On the 01/04/21 at 7:07AM


Adrien Paredes-Vanheule

The non-profit organisation said that only seven of the 141 climate-related shareholder proposals made in 2020 passed.

Sustainability-focused non-profit organisation Ceres has sieved the 2020 proxy voting records of 50 of the largest asset managers globally in a bid to figure out those willing to act publicly to address climate risk. Ceres found out that over 2020, climate-related shareholder proposals had record average support and also that dialogue between shareholders and companies’ management around climate issues paid off. “Of 141 climate-related shareholder proposals that Ceres tracked, 57 were withdrawn by the filing shareholder in return for an agreement by the company to address the issue raised in the proposal. That is a withdrawal rate of 40% of all climate-related proposals filed in 2020 which, again, shows an increase in the receptivity of companies to make the commitments necessary to reach a net zero future. In 2018 and 2019, the withdrawal rates were 33.7% and 39.4%,” Ceres underlined.

The organisation added that seven of the climate-related proposals passed, drawing most shareholder votes, and 15 others “could have achieved a majority if just a handful of the largest asset managers had voted for them.” Only four asset managers – namely BNP Paribas Asset Management, Axa Investment Managers, Sun Life Financial and NN Investment Partners – have voted in favour of all climate-related proposals tracked, followed by Aviva Investors and Aegon Investment Management (98% each). According to Ceres’ research, Dodge & Cox was the sole manage to not vote in favour of any of the 2020 climate-related shareholder proposals. BlackRock (10% of the proposals voted), Manulife (8%), Capital Group (11%) and Vanguard (14%) are also ranking at the bottom.

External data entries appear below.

(* Let $X$ be a Banach space, $S$ a Hausdorff topological space, and $J\colon X\to C^{b}(S)$ a linear isometry into the sup-normed space of bounded continuous scalar-valued functions on $S$. For $s\in S$ let $\delta_s$ be the evaluation functional $f\mapsto f(s)$ on $C^b(S)$ and put $p_s:=J^{*}(\delta_s)\in X^{*}$. Assume that for all $s\in S$: (N1) $\|p_s\|=1$; (N2) $\operatorname{span}\{p_s\}$ is an $L$-summand in $X^{*}$, i.e. there is a projection $\Pi_s$ on $X^{*}$ with range $\operatorname{span}\{p_s\}$ such that $\|x^{*}\|=\|\Pi_s(x^{*})\|+\|x^{*}-\Pi_s(x^{*})\|$ for all $x^{*}\in X^{*}$; write $\Pi_s(x^{*})=\pi_s(x^{*})p_s$ with $\pi_s\in X^{**}$; (N3) for the equivalence relation $s\sim t$ iff $\Pi_s=\Pi_t$ (equivalently, $p_s$ and $p_t$ are linearly dependent) on $S$, none of the equivalence classes $Q_s=\{t\in S: s\sim t\}$ contains an interior point. Let $T\in L(X)$ and put $q_s:=T^{*}(p_s)\in X^{*}$. If the function $s\mapsto \pi_t(q_s)$ is continuous on $S$ for every $t\in S$, then for every $\varepsilon>0$, with $U_\varepsilon=\{s\in S:\|q_s\|>\|T\|-\varepsilon\}$, $$\sup_{s\in U_\varepsilon}\bigl(|1+\pi_s(q_s)|-(1+|\pi_s(q_s)|)\bigr)\ge 0,$$ and consequently $T$ satisfies the Daugavet equation $\|\mathrm{Id}+T\|=1+\|T\|$.
   Context: A linear isometry $J\colon X\to C^b(S)$ satisfying (N1) and (N2) is called a nice embedding. Weakly compact operators satisfy the continuity hypothesis. *)

From mathcomp Require Import all_boot all_order all_algebra.
From mathcomp Require Import all_classical all_reals all_analysis.
From mathcomp Require Export complex.
Import Order.TTheory GRing.Theory Num.Theory.
Import numFieldNormedType.Exports.
Local Open Scope ring_scope.
Local Open Scope classical_set_scope.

Five recommendations for 2021

Rob Berridge, director, shareholder engagement at Ceres therefore listed five recommendations at the attention of shareholders for the 2021 annual general meeting season, the first of which is updating proxy voting policies annually. This “to ensure voting holds corporate boards and management accountable for addressing material and emerging climate change risks, via votes in support of shareholder proposals as well as other annual votes on directors and auditors, where relevant.” He recommends supporting proposals related to clean energy, deforestation, environmental justice, financed emissions, lobbying, methane emissions, sustainability reporting and water scarcity and pollution.  

Recommendations number two and three are “setting clear, time-bound milestones for engagement” and “asset owners holding asset managers accountable to vote in line with the asset owner’s support for the Climate Action 100+ initiative and the TCFD recommendations.” Berridge said. Embedding climate risk management into new and current fund management mandates should be considered by asset owners.

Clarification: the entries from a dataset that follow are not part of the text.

(* Let $(\Omega,\mathcal F,\mathbb P)$ be a probability space, $1\le p<+\infty$, $q$ with $1/p+1/q=1$, $\mathbb X=\mathbb R^{n}$ with the Euclidean scalar product $\langle\cdot,\cdot\rangle$, $\mathbb U=\mathbb R^{m}$, $\mathbb W=\mathbb R^{k}$, $\mathbb Y=L^p(\Omega,\mathcal F,\mathbb P;\mathbb R^{n})$ and $\mathbb Y^\sharp=L^q(\Omega,\mathcal F,\mathbb P;\mathbb R^{n})$. Let $T\ge1$ be an integer, $(\mathbf W_t)_{t=1,\dots,T}$ random variables with values in $\mathbb W$, and for $t=0,\dots,T-1$ let $f_t:\mathbb X\times\mathbb U\times\mathbb W\to\mathbb X$ and $L_t:\mathbb X\times\mathbb U\times\mathbb W\to[0,+\infty]$, and $\Phi:\mathbb X\to[0,+\infty]$ be given. Assume: (a) for all $(x,u)$, $f_t(x,u,\mathbf W_{t+1})\in\mathbb Y$; (b) the $L_t$ and $\Phi$ are nonnegative measurable functions. Define the Bellman functions $V_T=\Phi$ and, for $t=T-1,\dots,0$, $V_t(x)=\inf\mathbb E\big[\sum_{s=t}^{T-1}L_s(\mathbf X_s,\mathbf U_s,\mathbf W_{s+1})\mathbin{\overset{\cdot}{+}}\Phi(\mathbf X_T)\big]$, the infimum being over processes with $\mathbf X_t=x$, $\mathbf X_{s+1}=f_s(\mathbf X_s,\mathbf U_s,\mathbf W_{s+1})$ and $\sigma(\mathbf U_s)\subset\sigma(\mathbf X_s)$ for $s=t,\dots,T-1$. Assume moreover that the $V_t$ are measurable and satisfy the Bellman equation $V_t(x)=\inf_{u\in\mathbb U}\mathbb E\big[L_t(x,u,\mathbf W_{t+1})\mathbin{\overset{\cdot}{+}} V_{t+1}(f_t(x,u,\mathbf W_{t+1}))\big]$ for $t=T-1,\dots,0$ and all $x$. Define the Hamiltonian $H(x,u,\mathbf X^\sharp)=\mathbb E\big[L_t(x,u,\mathbf W_{t+1})\mathbin{\overset{\cdot}{+}}\langle f_t(x,u,\mathbf W_{t+1}),\mathbf X^\sharp\rangle\big]$ for $(x,u,\mathbf X^\sharp)\in\mathbb X\times\mathbb U\times\mathbb Y^\sharp$. Then for all $t=T-1,\dots,0$ and $x\in\mathbb X$, $$V_t(x)=\inf_{\mathbf X\in\mathbb Y}\Big(\inf_{u\in\mathbb U}\ \sup_{\mathbf X^\sharp\in\mathbb Y^\sharp}\big(\mathbb E[\langle-\mathbf X,\mathbf X^\sharp\rangle]\mathbin{\underset{\cdot}{+}} H(x,u,\mathbf X^\sharp)\big)\mathbin{\overset{\cdot}{+}}\mathbb E[V_{t+1}(\mathbf X)]\Big),$$ and, writing $V_t^\star(x^\sharp)=\sup_{x\in\mathbb X}\big(\langle x,x^\sharp\rangle\mathbin{\underset{\cdot}{+}}(-V_t(x))\big)$, for all $t=T-1,\dots,0$ and $x^\sharp\in\mathbb R^{n}$, $$V_t^\star(x^\sharp)\le\inf_{\mathbf X^\sharp\in\mathbb Y^\sharp}\Big(\sup_{u\in\mathbb U}\ \sup_{x\in\mathbb X}\big(\langle x,x^\sharp\rangle\mathbin{\underset{\cdot}{+}}(-H(x,u,\mathbf X^\sharp))\big)\mathbin{\overset{\cdot}{+}}\mathbb E\big[V_{t+1}^\star(\mathbf X^\sharp)\big]\Big).$$
   Context: $\overline{\mathbb R}=[-\infty,+\infty]$. The Moreau lower addition $\mathbin{\underset{\cdot}{+}}$ is usual addition extended by $(+\infty)\mathbin{\underset{\cdot}{+}}(-\infty)=(-\infty)\mathbin{\underset{\cdot}{+}}(+\infty)=-\infty$; the Moreau upper addition $\mathbin{\overset{\cdot}{+}}$ is usual addition extended by $(+\infty)\mathbin{\overset{\cdot}{+}}(-\infty)=(-\infty)\mathbin{\overset{\cdot}{+}}(+\infty)=+\infty$. The Hamiltonian $H$ depends on $t$ (through $L_t,f_t$); in each displayed formula for index $t$ it is the one built from $L_t,f_t$. $\mathbb E[V_{t+1}^\star(\mathbf X^\sharp)]$ denotes the expectation of the random variable $\omega\mapsto V_{t+1}^\star(\mathbf X^\sharp(\omega))$. *)

From HB Require Import structures.
From mathcomp Require Import all_boot all_order all_algebra.
From mathcomp Require Import all_classical all_reals all_analysis measurable_realfun.
Set Implicit Arguments. Unset Strict Implicit. Unset Printing Implicit Defensive.
Import Order.TTheory GRing.Theory Num.Theory.
Import numFieldNormedType.Exports.
Local Open Scope classical_set_scope.
Local Open Scope ring_scope.

Section StochasticControl.
Variables (R : realType) (d : measure_display) (Omega : measurableType d).
Variable (P : probability Omega R).

Definition dotv (n : nat) (a b : 'rV[R]_n) : R := \sum_(i < n) a ord0 i * b ord0 i.
Definition euclid_norm (n : nat) (a : 'rV[R]_n) : R := Num.sqrt (dotv a a).

Definition borel (T : topologicalType) : set (set T) := <<s (@open T) >>.

Definition rv_vec (n : nat) (Y : Omega -> 'rV[R]_n) : Prop :=
  forall B, borel B -> measurable (Y @^-1` B).

Definition sigma_of (n : nat) (Y : Omega -> 'rV[R]_n) : set (set Omega) :=
  [set Y @^-1` B | B in borel (T := 'rV[R]_n)].

Definition Lp_vec (n : nat) (p : \bar R) (Y : Omega -> 'rV[R]_n) : Prop :=
  rv_vec Y /\ (Lnorm P p (fun w => (euclid_norm (Y w))%:E) < +oo)%E.

Definition borel_efun (T : topologicalType) (g : T -> \bar R) : Prop :=
  forall B : set (\bar R), measurable B -> borel (g @^-1` B).

Definition conj_exp (p : R) (q : \bar R) : Prop :=
  (p = 1 /\ q = +oo%E) \/
  (exists q' : R, q = q'%:E /\ 0 < q' /\ p^-1 + q'^-1 = 1).

Variables (n m k T : nat).
Variable (W : nat -> Omega -> 'rV[R]_k).
Variable (f : nat -> 'rV[R]_n -> 'rV[R]_m -> 'rV[R]_k -> 'rV[R]_n).
Variable (L : nat -> 'rV[R]_n -> 'rV[R]_m -> 'rV[R]_k -> \bar R).
Variable (Phi : 'rV[R]_n -> \bar R).

Local Open Scope ereal_scope.

Definition admissible (t : nat) (x : 'rV[R]_n)
    (X : nat -> Omega -> 'rV[R]_n) (U : nat -> Omega -> 'rV[R]_m) : Prop :=
  X t = cst x /\
  (forall s, (t <= s <= T)%N -> rv_vec (X s)) /\
  (forall s, (t <= s < T)%N ->
     [/\ rv_vec (U s),
         (forall w, X s.+1 w = f s (X s w) (U s w) (W s.+1 w)) &
         sigma_of (U s) `<=` sigma_of (X s)]).

(* expected cost, with Moreau upper addition *)
Definition cost (t : nat) (X : nat -> Omega -> 'rV[R]_n) (U : nat -> Omega -> 'rV[R]_m)
  : \bar R :=
  \int[P]_w dual_adde
     (\big[dual_adde/0]_(t <= s < T) L s (X s w) (U s w) (W s.+1 w))
     (Phi (X T w)).

Definition Vfun (t : nat) (x : 'rV[R]_n) : \bar R :=
  if t == T then Phi x
  else ereal_inf [set c | exists X U, admissible t x X U /\ c = cost t X U].

Definition Ham (t : nat) (x : 'rV[R]_n) (u : 'rV[R]_m) (Xs : Omega -> 'rV[R]_n)
  : \bar R :=
  \int[P]_w dual_adde (L t x u (W t.+1 w)) (dotv (f t x u (W t.+1 w)) (Xs w))%:E.

(* Fenchel conjugate of V_t, with Moreau lower addition *)
Definition Vstar (t : nat) (xs : 'rV[R]_n) : \bar R :=
  ereal_sup [set (dotv x xs)%:E + - Vfun t x | x in [set: 'rV[R]_n]].

End StochasticControl.

(* The Bellman equation writes V_t(x) as the infimum over u of
   E[L ⊕ V_{t+1}(F_u)], where F_u = f_t(x, u, W_{t+1}).  For X in L^p, the
   supremum over X# in L^q of E[<-X, X#>] + H(x, u, X#) equals E[L] when
   X = F_u almost surely (take X# = 0; for X = F_u the two linear terms cancel
   pointwise) and +oo otherwise (take X# = c clamp(F_u,i - X_i) e_i with
   c -> +oo), so the infimum over X gives back the Bellman infimum.  For the
   conjugate, integrating the Fenchel-Young inequality
   <F_u, X#> <= V_{t+1}(F_u) ⊕ V*_{t+1}(X#) against L bounds H(x, u, X#) by
   E[L ⊕ V_{t+1}(F_u)] ⊕ E[V*_{t+1}(X#)]; it remains to take suprema.
   Throughout, the integral is only subadditive for the upper addition,
   ∫ (A ⊕ B) <= ∫ A ⊕ ∫ B when A >= 0, and this is all that is needed. *)

From HB Require Import structures.
From mathcomp Require Import all_boot all_order all_algebra.
From mathcomp Require Import all_classical all_reals all_analysis measurable_realfun.
From mathcomp Require Import ess_sup_inf lra ring.
Import Order.TTheory GRing.Theory Num.Theory.
Import numFieldNormedType.Exports.
Local Open Scope classical_set_scope.
Local Open Scope ring_scope.
Local Open Scope ereal_scope.
Import DualAddTheory.

Lemma continuous_preimage_borel (T1 T2 : topologicalType) (phi : T1 -> T2) :
  continuous phi -> forall B, borel B -> borel (phi @^-1` B).
Proof.
move=> cphi B; have sa : sigma_algebra setT (image_set_system setT phi (@borel T1)).
  exact: (sigma_algebra_image _ (smallest_sigma_algebra setT (@open T1))).
suff : <<s (@open T2) >> `<=` image_set_system setT phi (@borel T1).
  by move=> /[apply]; rewrite /image_set_system /= setTI.
apply: smallest_sub => // O oO; rewrite /image_set_system /= setTI.
by apply: sub_sigma_algebra; move/continuousP: cphi; exact.
Qed.

Lemma borelRE (R : realType) : @borel R = measurable.
Proof.
apply/seteqP; split.
  apply: smallest_sub; first exact: sigma_algebra_measurable.
  by move=> O; exact: open_measurable.
move=> B mB; have : (@ocitv R).-sigma.-measurable B := mB.
rewrite RGenOpens.measurableE; apply: smallest_sub; first exact: smallest_sigma_algebra.
by move=> _ [a [b ->]]; apply: sub_sigma_algebra; exact: interval_open.
Qed.

Section borel_preimage.
Context {d : measure_display} {Omega : measurableType d} {T : topologicalType}.
Context {Y : Omega -> T}.
Hypothesis mY : forall O : set T, open O -> measurable (Y @^-1` O).

Lemma borel_preimage_measurable B : borel B -> measurable (Y @^-1` B).
Proof.
move=> hB; have sa : sigma_algebra setT (image_set_system setT Y measurable).
  exact: (sigma_algebra_image _ (@sigma_algebra_measurable d Omega)).
suff : <<s (@open T) >> `<=` image_set_system setT Y measurable.
  by move=> /(_ B hB); rewrite /image_set_system /= setTI.
by apply: smallest_sub => // O oO; rewrite /image_set_system /= setTI; exact: mY.
Qed.

Lemma measurable_borel_efun_comp {R : realType} {g : T -> \bar R} :
  borel_efun g -> measurable_fun setT (g \o Y).
Proof.
move=> mg _ B mB; rewrite setTI comp_preimage.
by apply: borel_preimage_measurable; exact: mg.
Qed.

End borel_preimage.

Lemma measurable_borel_efun_pair {d : measure_display} {Omega : measurableType d}
    {R : realType} {T1 T2 : topologicalType} {g : T1 * T2 -> \bar R} (a : T1)
    {Z : Omega -> T2} :
  borel_efun g -> (forall O, open O -> measurable (Z @^-1` O)) ->
  measurable_fun setT (fun w => g (a, Z w)).
Proof.
move=> mg mZ; have cpair : continuous (fun z : T2 => (a, z)).
  by move=> z; exact: (@cvg_pair _ _ _ (nbhs z) _ _ _ _ _ (fun=> a) id (cvg_cst _) cvg_id).
have mpair O : open O -> measurable ((fun w => (a, Z w)) @^-1` O).
  by move=> oO; apply: (mZ ((fun z => (a, z)) @^-1` O)); move/continuousP: cpair; exact.
exact: (@measurable_borel_efun_comp _ _ _ _ mpair _ g mg).
Qed.

Section euclidean.
Context {R : realType} {n : nat}.
Implicit Types (a b : 'rV[R]_n) (i : 'I_n) (r : R).
Local Open Scope ring_scope.

Lemma dotv0 a : dotv a 0 = 0.
Proof. by rewrite /dotv big1 // => j _; rewrite mxE mulr0. Qed.

Lemma dotvNl a b : dotv (- a) b = - dotv a b.
Proof. by rewrite /dotv -sumrN; apply: eq_bigr => j _; rewrite mxE mulNr. Qed.

Lemma dotv_scale_delta a i r : dotv a (r *: delta_mx ord0 i) = a ord0 i * r.
Proof.
rewrite /dotv (bigD1 i) //= big1 ?addr0 => [|j /negbTE ji].
  by rewrite !mxE !eqxx mulr1.
by rewrite !mxE ji andbF mulr0 mulr0.
Qed.

Lemma euclid_norm0 : euclid_norm (0 : 'rV[R]_n) = 0.
Proof. by rewrite /euclid_norm dotv0 sqrtr0. Qed.

Lemma euclid_norm_scale_delta i r : euclid_norm (r *: delta_mx ord0 i) = `|r|.
Proof. by rewrite /euclid_norm dotv_scale_delta !mxE !eqxx mulr1 -expr2 sqrtr_sqr. Qed.

Lemma coord_le_euclid_norm a i : `|a ord0 i| <= euclid_norm a.
Proof.
rewrite -sqrtr_sqr /euclid_norm; apply: ler_wsqrtr.
rewrite /dotv (bigD1 i) //= expr2 lerDl; apply: sumr_ge0 => j _.
by rewrite -expr2 sqr_ge0.
Qed.

Lemma dotv_continuous a : continuous (dotv a).
Proof.
apply: continuous_big => [z|i _ z]; first exact: add_continuous.
apply: (@continuousM _ _ (fun=> a ord0 i) (fun b : 'rV[R]_n => b ord0 i)).
  exact: cst_continuous.
exact: coord_continuous.
Qed.

End euclidean.

Definition fenchel_conj {R : realType} {n : nat} (V : 'rV[R]_n -> \bar R)
    (y : 'rV[R]_n) : \bar R :=
  ereal_sup [set (dotv x y)%:E + - V x | x in [set: 'rV[R]_n]].

Section fenchel_conjugate.
Context {R : realType} {n : nat}.
Implicit Types (V : 'rV[R]_n -> \bar R) (x y : 'rV[R]_n).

Furthermore, Ceres’ director for shareholder engagement fosters shareholders to disclose voting “on or before the date of each company’s annual meeting”, as a power boost to the vote. The rationale for any votes against resolutions should be also disclosed in Berridge’s view. “This can help to reduce reputational harm associated with your misalignment with these initiatives,” he said.

The last recommendation deals with engaging proxy advisors “by participating in the annual comment periods on their voting guidelines and by providing information to them supporting individual shareholder proposals your organisation has filed or supports.”